Unfortunately, he only had the D-28C for a few years. It was stolen out of his travel trailer when he was unloading the trailer after a road trip. He got some insurance money, but he still misses that guitar, as do I.
That era- 1970 to 1977- was one of Martin's worst. The company expanded drastically, purchasing the Vega banjo company and the Swedish Levin guitar works, and Martin attempted to get into the solid-body electric guitars in a serious way.
All of that expansion failed. The Levin workers were all highly unionized (like everything else in Sweden), while the Martin management was adamantly anti-union. The Levin guitars were intended to be Martin's equivalent to the Gibson/Epiphone marriage, but it never worked out.
Banjo buyers didn't want banjos that looked like Martin guitars. And their electric guitars cost the company a bundle and were a complete flop- real Edsel guitars.
Throughout, their standard line just suffered. Build quality went down, and Martin was riddled with domestic labor trouble. Around 1975, things had gotten so bad the management just shut everything down, fired their work force except for their crew leaders, sold off the Vega and Levin brands at a loss, and then rebuilt the company structure from the ground up. And produced next to nothing for around 18 months.
That 79 CS my bro owned was actually made by the small crew of the senior workers who stayed with the company. They were all made on the production line on the factory floor, but the production was so small they were pretty much custom-made with a lot of careful hand work.
They were all better than the previous years' guitars, but I don't think any were lots better than the guitars Marin makes today on the production line. 1979 was the year the company learned how to combine their modern methods to their traditional methods of craft.
Their dealers had to be shown the company could still make guitars that were worth the cost of stocking them. Their troubles had caused many of their best retail outlets to abandon the brand, but the 1979 products got most of the best stores back to the franchise.
By 1979, with a new member of the Martin family at the lead, Martin re-made itself what it is today.
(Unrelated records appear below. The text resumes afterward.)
Lemma penalty_cvg0 : (0 < j)%N -> 1 <= M j -> penalty M n j @[n --> \oo] --> 0.
Proof.
move=> j_gt0 M_ge1; apply/cvgrPdist_le => e e_gt0.
set B := 256 * j%:R * Num.sqrt (2 * Num.sqrt j%:R * M j) / e ^+ 2.
near=> n.
have n_gt0 : (0 < n)%N by near: n; exists 1%N.
rewrite sub0r normrN ger0_norm ?penalty_ge0 //.
rewrite -(@ler_pXn2r _ 2) ?nnegrE ?penalty_ge0 ?(ltW e_gt0) //.
apply: (le_trans (penalty_sqr_le j_gt0 M_ge1 n_gt0)).
rewrite ler_pdivrMr ?sqrtr_gt0 ?ltr0n // -ler_pdivrMl ?exprn_gt0 //.
rewrite mulrC -/B; apply: le_trans (ler_norm B) _.
rewrite -sqrtr_sqr ler_sqrt ?ltr0n //; apply: ltW.
by near: n; exact: nbhs_infty_gtr.
Unshelve. all: by end_near.
Qed.

Lemma deviation_bound_penalized_le (K eps : R) n :
  (0 < j)%N -> 1 <= M j -> 0 <= K -> 0 < eps -> (0 < n)%N ->
  K * 2 ^+ j * Num.sqrt j%:R ^+ j * (M j / (eps + penalty M n j)) ^+ j
    * expR (- (n%:R * (eps + penalty M n j) ^+ 2) / 128)
  <= K * (eps * n%:R)^-1 ^+ j * expR (- (n%:R * eps ^+ 2) / 128).
Proof.
move=> j_gt0 M_ge1 K_ge0 eps_gt0 n_gt0; have r_ge0 := penalty_ge0 M n j.
set r := penalty M n j in r_ge0 *.
have sj_gt0 : 0 < Num.sqrt (j%:R : R) by rewrite sqrtr_gt0 ltr0n.
have n_gt0' : (0 : R) < n%:R by rewrite ltr0n.
have M_le : (M j / (eps + r)) ^+ j <= (M j / eps) ^+ j.
  rewrite lerXn2r ?nnegrE ?divr_ge0 ?ler_pM2l ?lef_pV2 ?posrE; lra.
(* Since (eps + r)^2 >= eps^2 + r^2, the exponential factor splits. *)
have exp_le : expR (- (n%:R * (eps + r) ^+ 2) / 128)
    <= expR (- (n%:R * eps ^+ 2) / 128) * expR (- (n%:R * r ^+ 2) / 128).
  have ner_ge0 : 0 <= n%:R * (eps * r) by rewrite mulr_ge0 // mulr_ge0 // ltW.
  by rewrite -expRD ler_expR; nra.
rewrite /r expR_penalty // -/r in exp_le.
apply: (le_trans (ler_pM _ _ (ler_pM _ _ (lexx _) M_le) exp_le)).
- by rewrite !mulr_ge0 ?exprn_ge0 ?sqrtr_ge0 ?divr_ge0 //; lra.
- exact: expR_ge0.
- by rewrite !mulr_ge0 ?exprn_ge0 ?sqrtr_ge0.
- by rewrite exprn_ge0 ?divr_ge0 //; lra.
have pow_eq : 2 ^+ j * Num.sqrt j%:R ^+ j * (M j / eps) ^+ j
    * (2 * Num.sqrt j%:R * M j * n%:R)^-1 ^+ j = (eps * n%:R)^-1 ^+ j.
  rewrite -!exprMn; congr (_ ^+ _).
  by field; rewrite !lt0r_neq0 ?ltr0n //; lra.
by rewrite -pow_eq le_eqVlt; apply/predU1l; ring.
Qed.

End penalty.

Section risk_bounds.
Context (R : realType) d (Omega : measurableType d) dT (T : measurableType dT).
Context (P : probability Omega R) (X : Omega -> T) (Y : Omega -> R).
Context (Xs : nat -> Omega -> T) (Ys : nat -> Omega -> R).

Lemma risk_ge0 (g : T -> R) : 0 <= risk P X Y g.
Proof. by apply/fine_ge0/integral_ge0 => w _; rewrite lee_fin sqr_ge0. Qed.

Lemma risk_le1 (g : T -> R) : measurable_fun setT (fun w => (X w, Y w)) ->
  (forall w, 0 <= Y w <= 1) -> measurable_fun setT g -> (forall x, 0 <= g x <= 1) ->
  risk P X Y g <= 1.
Proof.
move=> mXY Y01 mg g01.
have mX : measurable_fun setT X := measurableT_comp measurable_fst mXY.
have mY : measurable_fun setT Y := measurableT_comp measurable_snd mXY.
have sqr_le1 w : (g (X w) - Y w) ^+ 2 <= 1 by have := Y01 w; have := g01 (X w); nra.
have m_sqr : measurable_fun setT (fun w => ((g (X w) - Y w) ^+ 2)%:E).
  apply/measurable_EFinP/measurable_funX/measurable_funB => //.
  exact: measurableT_comp.
have int_ge0 : (0 <= \int[P]_w ((g (X w) - Y w) ^+ 2)%:E)%E.
  by apply: integral_ge0 => w _; rewrite lee_fin sqr_ge0.
have int_le1 : (\int[P]_w ((g (X w) - Y w) ^+ 2)%:E <= 1)%E.
  apply: (@le_trans _ _ (\int[P]_w (cst 1%:E) w)%E).
    by apply: ge0_le_integral => // w _; rewrite lee_fin ?sqr_ge0 ?sqr_le1.
  by rewrite integral_cst //= probability_setT mul1e.
by rewrite /risk; move: int_ge0 int_le1; case: (\int[P]_w _)%E.
Qed.

Lemma emp_risk_ge0 n (g : T -> R) w : 0 <= emp_risk Xs Ys n g w.
Proof. by rewrite mulr_ge0 ?invr_ge0 ?sumr_ge0 // => i _; exact: sqr_ge0. Qed.

Lemma emp_risk_le1 n (g : T -> R) w : (forall i w, 0 <= Ys i w <= 1) -> (forall x, 0 <= g x <= 1) ->
  emp_risk Xs Ys n g w <= 1.
Proof.
move=> Ys01 g01; case: n => [|n]; first by rewrite /emp_risk invr0 mul0r.
rewrite /emp_risk ler_pdivrMl ?ltr0Sn // mulr1.
apply: le_trans (_ : _ <= \sum_(i < n.+1) (1 : R)) _; last by rewrite sumr_const card_ord.
by apply: ler_sum => i _; have := Ys01 i w; have := g01 (Xs i w); nra.
Qed.

Lemma risk_sub_emp_risk_le1 n (g : T -> R) w :
  measurable_fun setT (fun w => (X w, Y w)) -> (forall w, 0 <= Y w <= 1) ->
  (forall i w, 0 <= Ys i w <= 1) -> measurable_fun setT g -> (forall x, 0 <= g x <= 1) ->
  `|risk P X Y g - emp_risk Xs Ys n g w| <= 1.
Proof.
move=> mXY Y01 Ys01 mg g01.
have := risk_ge0 g; have := risk_le1 mXY Y01 mg g01.
have := emp_risk_ge0 n g w; have := emp_risk_le1 n w Ys01 g01.
by rewrite ler_norml; lra.
Qed.

Definition uniform_dev (C : set (T -> R)) n w :=
  sup [set `|risk P X Y g - emp_risk Xs Ys n g w| | g in C].

Section uniform_dev.
Variable C : set (T -> R).
Hypotheses (mXY : measurable_fun setT (fun w => (X w, Y w)))
  (Y01 : forall w, 0 <= Y w <= 1) (Ys01 : forall i w, 0 <= Ys i w <= 1)
  (C01 : forall g, C g -> measurable_fun setT g /\ forall x, 0 <= g x <= 1).

Lemma le_uniform_dev n w g : C g ->
  `|risk P X Y g - emp_risk Xs Ys n g w| <= uniform_dev C n w.
Proof.
move=> Cg; apply: ub_le_sup; last by exists g.
exists 1 => _ [h Ch <-]; have [mh h01] := C01 Ch.
exact: risk_sub_emp_risk_le1.
Qed.

Lemma uniform_dev_le1 n w : uniform_dev C n w <= 1.
Proof.
rewrite /uniform_dev; set S := [set `|_| | g in C].
have [->|/set0P S_ne] := eqVneq S set0; first by rewrite sup0.
apply: ge_sup => // _ [h Ch <-]; have [mh h01] := C01 Ch.
exact: risk_sub_emp_risk_le1.
Qed.

End uniform_dev.
End risk_bounds.

Section deviation_tail_bounds.
Context (R : realType) d (Omega : measurableType d) (P : probability Omega R).
Context (dev : nat -> nat -> Omega -> R) (K : R) (M : nat -> R).
Hypotheses (m_dev : forall j n, (0 < j)%N -> measurable_fun setT (fun w => dev n j w))
  (dev_le1 : forall j n w, (0 < j)%N -> dev n j w <= 1)
  (K_ge0 : 0 <= K) (M_ge1 : forall j, (0 < j)%N -> 1 <= M j)
  (P_dev_gt : forall j n (eps : R), (0 < j)%N -> (0 < n)%N -> 0 < eps < 1 ->
     (P [set w | (eps < dev n j w)%R]
      <= (K * 2 ^+ j * Num.sqrt j%:R ^+ j * (M j / eps) ^+ j
           * expR (- (n%:R * eps ^+ 2) / 128))%:E)%E).

Lemma measurable_dev_gt j n a : (0 < j)%N -> measurable [set w | a < dev n j w].
Proof. by move=> j_gt0; rewrite -preimage_itvoy -[_ @^-1` _]setTI; exact: m_dev. Qed.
Their standard guitars from the 1970s had been cranked out in large numbers, and though they were all quite poor in comparison to the company's traditional quality, they sold very well and steadily. The Martin tradition was enough to sell them, and their sales kept the company alive just long enough they could keep from going bankrupt.
The 1970s were very rough on Martin in every way possible. The demand for their products was so high throughout the previous 20 years the company had invested in a huge new facility, and all their expansion efforts totally collapsed and killed their cash flow.
It was a very rare recovery in the guitar business. Almost all the other makers who skated that razor edge tipped over and went under.
Gibson, Gretsch, Fender, Kay, Harmony, Regal, and others all went bust and were sold for a fraction of their worth in the 1970s. The entire American guitar industry failed.
I think the only reason why Martin, Guild and Rickenbacker survived intact was because they were all either small or dedicated to one type of guitar. And all of them were run by guitar guys who knew the business so well anyone could walk out of the office and go put on a production apron when that was needed.
What's even more rare is Martin's recovery came in 1980, and they raised the prices of all their products spectacularly high at a time when the entire guitar industry went into general failure in the disco era, but still managed to maintain a good profit level.
They didn't make very many guitars from 1980 to ca.1985 compared to their numbers from the 1970s, but they sold them all quickly and steadily improved their products as time went along.
Going big just doesn't seem to work when it comes to making guitars.. Guitar manufacture contradicts the prevailing American corporate philosophy.